When you output the entries, begin with the first line and end with the line containing "case=> _ Mpos;", keeping each line exactly as it is.

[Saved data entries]
........

Lemma mul_lblock_col m1 m2 n1 n2 p (A : 'M[R]_(m1, n1)) (C : 'M[R]_(m2, n1))
    (D : 'M[R]_(m2, n2)) (x : 'M[R]_(n1 + n2, p)) :
  block_mx A 0 C D *m x = col_mx (A *m usubmx x) (C *m usubmx x + D *m dsubmx x).
Proof. by rewrite -{1}[x]vsubmxK mul_block_col mul0mx addr0. Qed.

End BlockMatrices.

Section PositiveDefinite.
Variable R : rcfType.

Lemma posdef_psd n (M : 'M[R]_n) : posdef M -> psd M.
Proof.
case=> Msym Mpos; split=> // v; have [->|v0] := eqVneq v 0.
  by rewrite mulmx0 mxE.
exact/ltW/Mpos.
Qed.

Lemma posdef_unitmx n (M : 'M[R]_n) : posdef M -> M \in unitmx.
Proof.
case=> _ Mpos; rewrite unitmxE unitfE; apply/negP => /det0P [v v0 vM].
have := Mpos v^T; rewrite trmx_eq0 v0 => /(_ isT).
by rewrite trmxK vM mul0mx mxE ltxx.
Qed.

Lemma posdef_congr m n (P : 'M[R]_(m, n)) (M : 'M[R]_n) :
  posdef M -> row_free P -> posdef (P *m M *m P^T).
Proof.
case=> Msym Mpos Pfree; split; first by rewrite !trmx_mul trmxK Msym mulmxA.
move=> v v0; have Ptv0 : P^T *m v != 0.
  apply: contra v0 => /eqP Ptv; rewrite -trmx_eq0; apply/eqP/(row_free_inj Pfree).
  by rewrite mul0mx -[_ *m P]trmxK trmx_mul trmxK Ptv trmx0.
by have := Mpos _ Ptv0; rewrite trmx_mul trmxK !mulmxA.
Qed.

Lemma posdef_ulsubmx k n (M : 'M[R]_(k + n)) : posdef M -> posdef (ulsubmx M).
Proof.
move=> PM; rewrite -mul_row10_mx_tr; apply: posdef_congr => //.
by apply/row_freeP; exists (col_mx 1%:M 0); rewrite mul_row_col mulmx1 mul0mx addr0.
Qed.

End PositiveDefinite.

Definition regmx (R : rcfType) k n (M : 'M[R]_(k + n)) : 'M[R]_(n, k) :=
  dlsubmx M *m invmx (ulsubmx M).

Section SymmetricBlocks.
Variables (R : rcfType) (k n : nat) (M : 'M[R]_(k + n)).
Hypotheses (Msym : M^T = M) (Mul : ulsubmx M \in unitmx).

Lemma sym_dlsubmx : dlsubmx M = (ursubmx M)^T.
Proof. by rewrite trmx_ursub Msym. Qed.

Lemma regmx_mul_ulsubmx : regmx M *m ulsubmx M = dlsubmx M.
Proof. exact: mulmxKV. Qed.
(* Let $\mathcal G$ be a finitely generated almost simple group which contains a distortion element, and let $\mathcal H$ be a normal subgroup of $\mathcal G$. Then every homomorphism $\psi:\mathcal H\to\mathbb R$ is trivial.
   Context: A group is almost simple if every normal subgroup is finite or has finite index. For a finitely generated group with finite generating set, $u$ is a distortion element if it has infinite order and $\liminf_{n\to\infty}|u^n|/n=0$, $|\cdot|$ the word length. *)

From Stdlib Require Import Reals List Arith.
Import ListNotations.
Open Scope R_scope.
Set Implicit Arguments.
Unset Strict Implicit.

Section GroupDefs.
Variables (G : Type) (mul : G -> G -> G) (e : G) (inv : G -> G).

Record is_group : Prop := {
  mul_assoc : forall x y z, mul x (mul y z) = mul (mul x y) z;
  mul_1l : forall x, mul e x = x;
  mul_1r : forall x, mul x e = x;
  mul_Vl : forall x, mul (inv x) x = e;
  mul_Vr : forall x, mul x (inv x) = e }.

Definition gpow (u : G) (n : nat) : G := Nat.iter n (mul u) e.

Definition is_word (S : list G) (w : list G) : Prop :=
  Forall (fun a => In a S \/ In (inv a) S) w.

Definition eval_word (w : list G) : G := fold_right mul e w.

Definition generates (S : list G) : Prop :=
  forall g, exists w, is_word S w /\ eval_word w = g.

Definition word_length_is (S : list G) (g : G) (n : nat) : Prop :=
  (exists w, is_word S w /\ eval_word w = g /\ length w = n) /\
  (forall w, is_word S w -> eval_word w = g -> (n <= length w)%nat).

Definition infinite_order (u : G) : Prop :=
  forall n, (0 < n)%nat -> gpow u n <> e.

(** u is a distortion element w.r.t. S : infinite order and
    liminf_{n->oo} |u^n|_S / n = 0 (for a nonnegative sequence this
    means: for every eps > 0 and every N there is n >= N with
    |u^n|_S / n < eps). *)
Definition distortion_element (S : list G) (u : G) : Prop :=
  infinite_order u /\
  forall eps : R, 0 < eps -> forall N : nat, exists n : nat, exists l : nat,
    (N <= n)%nat /\ (0 < n)%nat /\ word_length_is S (gpow u n) l /\
    INR l / INR n < eps.
Lemma counit_at_unit_iso_model12 :
  (forall y, fr_counit F y <-> y = e) -> frob_iso F (model 1) \/ frob_iso F (model 2).
Proof.
  intros counitE; destruct pairingF as [total [_ injective]].
  assert (Mooe : fr_mult F o o e).
  { destruct (total o) as [y Poy].
    destruct (cover y) as [-> | ->].
    - exfalso; apply neq, (injective e o e); [apply pairing_e, counitE |]; auto.
    - destruct Poy as [w [Moow Cw]]; rewrite counitE in Cw; subst w; exact Moow. }
  destruct (classic (fr_mult F o o o)); [right | left]; apply pullback_iso;
    intros; destruct_AB; rewrite ?unitE, ?counitE, ?mult_e_l, ?mult_e_r;
    intuition congruence.
Qed.

Lemma counit_off_unit_iso_model34 :
  (forall y, fr_counit F y <-> y = o) -> frob_iso F (model 3) \/ frob_iso F (model 4).
Proof.
  intros counitE; destruct pairingF as [_ [_ injective]].
  assert (not_Mooo : ~ fr_mult F o o o).
  { intros Mooo; apply neq, (injective e o o); [apply pairing_e, counitE |]; auto.
    exists o; rewrite counitE; auto. }
  destruct (classic (fr_mult F o o e)); [left | right]; apply pullback_iso;
    intros; destruct_AB; rewrite ?unitE, ?counitE, ?mult_e_l, ?mult_e_r;
    intuition congruence.
Qed.

Lemma unique_unit_classification : exists i, 1 <= i <= 5 /\ frob_iso F (model i).
Proof.
  destruct (unique_unit_counit_singleton X F frobF e unitE) as [c counitC].
  destruct (cover c) as [-> | ->].
  - destruct (counit_at_unit_iso_model12 counitC); [exists 1 | exists 2];
      (split; [lia | assumption]).
  - destruct (counit_off_unit_iso_model34 counitC); [exists 3 | exists 4];
      (split; [lia | assumption]).
Qed.

End UniqueUnit.
End TwoElements.

Theorem theorem5p1 :
  (forall i : nat, 1 <= i <= 5 -> is_frobenius (model i)) /\
  (forall i j : nat, 1 <= i <= 5 -> 1 <= j <= 5 ->
     frob_iso (model i) (model j) -> i = j) /\
  (forall (X : Type) (F : FrobData X), two_element_set X -> is_frobenius F ->
     exists i : nat, 1 <= i <= 5 /\ frob_iso F (model i)).
Proof.
  split; [exact models_frobenius | split; [exact models_distinct |]].
  intros X F [p [q [neq cover]]] frobF.
  assert (cover' : forall x, x = q \/ x = p) by (intro x; destruct (cover x); auto).
  destruct (classic (fr_unit F p)) as [Up | Up], (classic (fr_unit F q)) as [Uq | Uq].
  - exists 5; split; [lia |].
    apply (all_units_iso_model5 X F frobF p q neq cover).
    intro u; destruct (cover u) as [-> | ->]; assumption.
  - exact (unique_unit_classification X F frobF p q neq cover Up Uq).
  - exact (unique_unit_classification X F frobF q p (not_eq_sym neq) cover' Uq Up).
  - destruct (unit_inhabited X F (proj1 frobF) p) as [u Uu].
    destruct (cover u) as [-> | ->]; contradiction.
Qed.
Theorem theorem5p6 (c d : nat) (alpha delta : R) (C0 : {set word d}) (d0 : nat)
  (eps : R) :
  (0 < c)%N -> (0 < d)%N ->
  (0 < alpha) -> (alpha <= 1) -> (0 < delta) -> (delta <= 1) ->
  is_linear_code C0 -> min_distance C0 d0 ->
  (1 < delta * INR d0) ->
  (0 < eps) -> (eps < delta - 1 / INR d0) ->
  forall K : R, (1 < K) -> f_delta delta K = Rbar.Finite (1 / INR d0 + eps) ->
  exists N : nat, forall n : nat, (N <= n)%N ->
    forall (m : nat) (nbr : 'I_m -> 'I_d -> 'I_n),
      is_expander c alpha delta nbr ->
      forall x y : word n, x \in tanner nbr C0 -> y \in tanner nbr C0 -> x != y ->
        (K * alpha * INR n < INR (hdist x y)).
Proof.
move=> c_gt0 d_gt0 alpha_gt0 _ delta_gt0 delta_le1 _ dmin delta_d0 eps_gt0 eps_lt K K1 fK.
have d0_gt1 : 1 < INR d0 by nra.
have inv_d0 : 0 < 1 / INR d0 by apply: Rdiv_lt_0_compat; lra.
(* For delta = 1 the hypotheses are inconsistent, as f_1(K) >= 1 > 1/d0 + eps. *)
have [delta_lt1 | delta1] := Rle_lt_or_eq_dec _ _ delta_le1; last first.
  by have := f_delta_ge_objective_bound delta K1; rewrite fK delta1 /=; lra.
set theta := eps / 2; have theta01 : 0 < theta <= 1 by rewrite /theta; lra.
have [N MN] := INR_archimed alpha (support_threshold K (theta * (1 - delta)) d) alpha_gt0.
exists N => n Nn m nbr expander x y xC yC xy; apply: Rnot_le_lt => s_le.
change (INR #|diff_set x y| <= K * alpha * INR n) in s_le.
have s_gt := tanner_support_gt expander dmin xC yC xy c_gt0 delta_d0.
have s_big : support_threshold K (theta * (1 - delta)) d < INR #|diff_set x y|.
  by have := le_INR _ _ (elimT leP Nn); nra.
have := tanner_f_delta_le expander dmin xC yC xy c_gt0 d_gt0 (ltac:(lra)) K1 theta01
  (conj (Rlt_le _ _ delta_gt0) delta_lt1) s_big s_le.
have -> : (1 - theta) / INR d0 = 1 / INR d0 - theta / INR d0 by field; lra.
have : 0 < theta / INR d0 by apply: Rdiv_lt_0_compat; lra.
by rewrite fK /theta /=; lra.
Qed.
(* Let $k$ be a commutative ring, $n\geq 3$ and $m\geq 3$, and let $D_m$ be the dg-category defined below. For all $1\leq i,j\leq m$ there are isomorphisms of graded $k$-modules \[ H_\ast\operatorname{Hom}_{D_m}(z_i,z_j)\cong\begin{cases} k[t_{n-2}] & j=i,\\ k[t_{n-2}] & j=i+1,\ 1\le i\le m-1,\\ k[t_{n-2}][n-m] & i=m,\ j=1,\\ 0 & \text{otherwise},\end{cases}\] where $k[t_{n-2}]$ denotes the polynomial ring on a generator of degree $n-2$ (as a graded $k$-module) and $[s]$ shifts degrees up by $s$.
   Context: $D_m$ is the $k$-linear dg-category with objects $z_1,\dots,z_m$ whose morphisms are freely generated (as a graded $k$-linear category) by morphisms $b_{i,j}:z_i\to z_j$ for all $i\neq j$, of degree $j-i-1$ if $j>i$ and of degree $n+j-i-1$ if $j<i$, with differential determined on generators by \[ d(b_{i,j})=\begin{cases} \sum_{i<k<j}(-1)^{j-k+1}b_{k,j}b_{i,k} & j>i,\\ \sum_{i<k\le m}(-1)^{j-k+n+1}b_{k,j}b_{i,k}+\sum_{1\le k<j}(-1)^{j-k+1}b_{k,j}b_{i,k} & j<i,\end{cases}\] where $b_{k,j}b_{i,k}$ denotes the composite $z_i\to z_k\to z_j$. Homological grading is used. *)

From HB Require Import structures.
From mathcomp Require Import all_boot all_order all_algebra.
Set Implicit Arguments. Unset Strict Implicit. Unset Printing Implicit Defensive.
Import Order.TTheory GRing.Theory Num.Theory.
Local Open Scope ring_scope.

(* The dg-category D_m (parameters n, m; objects z_1..z_m, encoded by  *)
(* natural numbers 1..m).                                              *)
(* A basis element of Hom(z_i, z_j) (a word in the generators b_{a,b}) *)
(* is encoded as the list of visited objects [:: i; v_1; ...; j]: the  *)
(* list [:: v_0; v_1; ...; v_l] stands for the composite               *)
(*   b_{v_{l-1},v_l} ... b_{v_1,v_2} b_{v_0,v_1},                      *)
(* and [:: i] stands for the identity of z_i.                          *)

Definition edge_deg (n a b : nat) : int :=
  if (a < b)%N then b%:Z - a%:Z - 1 else n%:Z + b%:Z - a%:Z - 1.

Fixpoint path_deg (n : nat) (p : seq nat) : int :=
  match p with
  | a :: ((b :: _) as s) => edge_deg n a b + path_deg n s
  | _ => 0
  end.

Definition valid_path (m : nat) (p : seq nat) : bool :=
  all (fun v => (0 < v <= m)%N) p &&
  (if p is x :: s then path (fun a b => a != b) x s else false).

(* basis words of Hom^{d}_{D_m}(z_i, z_j) (homological degree d) *)
Definition hom_word (n m i j : nat) (d : int) (p : seq nat) : Prop :=
  [/\ valid_path m p, head 0%N p = i, last 0%N p = j & path_deg n p = d].

Definition sgn (k : pzRingType) (z : int) : k := (-1) ^+ `|z|%N.

(* coefficient of b_{c,b} b_{a,c} in d(b_{a,b}) *)
Definition dcoef (k : pzRingType) (n m a c b : nat) : k :=
  if (a < b)%N then
    (if (a < c < b)%N then sgn k (b%:Z - c%:Z + 1) else 0)
  else if (b < a)%N then
    (if (a < c <= m)%N then sgn k (b%:Z - c%:Z + n%:Z + 1)
     else if (1 <= c < b)%N then sgn k (b%:Z - c%:Z + 1) else 0)
  else 0.

(* Elements of the free k-module on words: functions  seq nat -> k,     *)
(* required (below) to be finitely supported.                           *)
Definition chain (k : pzRingType) := seq nat -> k.

(* The differential, extended from the generators by the graded Leibniz *)
(* rule d(f g) = d(f) g + (-1)^{|f|} f d(g) (g applied first).          *)
(* Coefficient of the word q in d(f): sum over the interior positions t *)
(* of q, where the word q arises from the word q' = q without v_t by    *)
(* replacing b_{v_{t-1},v_{t+1}} with b_{v_t,v_{t+1}} b_{v_{t-1},v_t};  *)
(* the Koszul sign is (-1)^(degree of the part of q after v_{t+1}).     *)
Definition dchain (k : pzRingType) (n m : nat) (f : chain k) : chain k :=
  fun q => \sum_(1 <= t < (size q).-1)
     (dcoef k n m (nth 0%N q t.-1) (nth 0%N q t) (nth 0%N q t.+1)
      * sgn k (path_deg n (drop t.+1 q)))
     * f (take t q ++ drop t.+1 q).

Definition is_chain (k : pzRingType) (n m i j : nat) (d : int) (f : chain k)
  : Prop :=
  (exists s : seq (seq nat), forall p, f p != 0 -> p \in s) /\
  (forall p, f p != 0 -> hom_word n m i j d p).

Definition is_cycle (k : pzRingType) (n m i j : nat) (d : int) (f : chain k)
  : Prop := is_chain n m i j d f /\ forall q, dchain n m f q = 0.

Definition is_boundary (k : pzRingType) (n m i j : nat) (d : int) (f : chain k)
  : Prop := exists g : chain k, is_chain n m i j (d + 1) g /\
                                forall q, f q = dchain n m g q.
Lemma Gfun_strict_incr_l (X1 X2 : {RV P >-> R}) mu1 mu2 r1 r1' r2 :
  ('E_P[X1] = mu1%:E)%E -> ('E_P[X2] = mu2%:E)%E ->
  assumption2 P X1 -> assumption3 P X1 ->
  assumption2 P X2 -> assumption3 P X2 ->
  mu1 != mu2 -> cgf_F P X2 mu1 ->
  0 < r1 -> r1 < r1' -> 0 < r2 -> (Gfun P X1 X2 r1 r2 < Gfun P X1 X2 r1' r2)%E.
Proof.
move=> EX1 EX2 A2X1 A3X1 A2X2 A3X2 mu12 mu1_F.
set A := fine (rate P X2 mu1).
have I2mu1 : rate P X2 mu1 = A%:E.
  by rewrite /A fineK //; exact: rate_fin_num mu1_F.
have A_gt0 : 0 < A.
  have mu12_gt0 : 0 < `|mu1 - mu2| by rewrite normr_gt0 subr_eq0.
  have [eta eta0 I2_ge] := rate_bounded_away EX2 A2X2 A3X2 _ mu12_gt0.
  by rewrite -lte_fin -I2mu1 (lt_le_trans _ (I2_ge _ (lexx _))) ?lte_fin.
rewrite !GfunE; apply: (inf_wsum_strict_incr_l rate_ge0 rate_ge0
  (rate_bounded_away EX1 A2X1 A3X1) (rate_near_mean EX1 A2X1 A3X1)
  (rate_convex_mean EX2) I2mu1 A_gt0 (fun kap => rate_lsc I2mu1)).
Qed.

End Gfun_monotonicity.

Theorem lemma3 (d : measure_display) (T : measurableType d) (R : realType)
  (P : probability T R) (k m : nat) (X : 'I_k -> {RV P >-> R})
  (mu : 'I_k -> R) (s : 'I_k -> 'I_k)
  (hk : (2 <= k)%N) (hm1 : (1 <= m)%N) (hmk : (m < k)%N)
  (hmean : forall l, ('E_P[X l])%E = (mu l)%:E)
  (hrank : forall a b : 'I_k, (a < b)%N -> mu (s b) < mu (s a))
  (hA2 : forall l, assumption2 P (X l))
  (hA3 : forall l, assumption3 P (X l))
  (hA4 : forall (l : 'I_k) (x : R),
           (exists a, mu a <= x) -> (exists b, x <= mu b) ->
           interior (cgf_F P (X l)) x) :
  forall i j : 'I_k, (i < m)%N -> (m <= j)%N ->
    [/\ (forall ri ri' rj, 0 < ri -> ri < ri' -> 0 < rj ->
           (Gfun P (X (s i)) (X (s j)) ri rj < Gfun P (X (s i)) (X (s j)) ri' rj)%E),
        (forall ri rj rj', 0 < ri -> 0 < rj -> rj < rj' ->
           (Gfun P (X (s i)) (X (s j)) ri rj < Gfun P (X (s i)) (X (s j)) ri rj')%E) &
        (forall ri rj, 0 <= ri -> 0 <= rj -> Num.min ri rj = 0 ->
           Gfun P (X (s i)) (X (s j)) ri rj = 0%E)].
Proof.
move=> i j im mj.
have mu_ij : mu (s i) != mu (s j) by rewrite gt_eqF // hrank // (leq_trans im mj).
have mu_F l a : cgf_F P (X l) (mu a).
  by apply: interior_subset; apply: hA4; exists a.
split.
- move=> ri ri' rj.
  exact: Gfun_strict_incr_l (hmean _) (hmean _) (hA2 _) (hA3 _) (hA2 _) (hA3 _)
    mu_ij (mu_F _ _).
- move=> ri rj rj' ri0 rj0 rjj; rewrite !(GfunC _ (X (s i))).
  apply: Gfun_strict_incr_l (hmean _) (hmean _) (hA2 _) (hA3 _) (hA2 _) (hA3 _)
    _ (mu_F _ _) rj0 rjj ri0.
  by rewrite eq_sym.
- move=> ri rj ri0 rj0; rewrite /Num.min; case: ifP => _ ->.
    exact: Gfun0l (hmean _) rj0.
  by rewrite GfunC; exact: Gfun0l (hmean _) ri0.
Qed.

........

* **Task answer**
Lemma mul_lblock_col m1 m2 n1 n2 p (A : 'M[R]_(m1, n1)) (C : 'M[R]_(m2, n1))
    (D : 'M[R]_(m2, n2)) (x : 'M[R]_(n1 + n2, p)) :
  block_mx A 0 C D *m x = col_mx (A *m usubmx x) (C *m usubmx x + D *m dsubmx x).
Proof. by rewrite -{1}[x]vsubmxK mul_block_col mul0mx addr0. Qed.

End BlockMatrices.

Section PositiveDefinite.
Variable R : rcfType.

Lemma posdef_psd n (M : 'M[R]_n) : posdef M -> psd M.
Proof.
case=> Msym Mpos; split=> // v; have [->|v0] := eqVneq v 0.
  by rewrite mulmx0 mxE.
exact/ltW/Mpos.
Qed.

Lemma posdef_unitmx n (M : 'M[R]_n) : posdef M -> M \in unitmx.
Proof.
case=> _ Mpos; rewrite unitmxE unitfE; apply/negP => /det0P [v v0 vM].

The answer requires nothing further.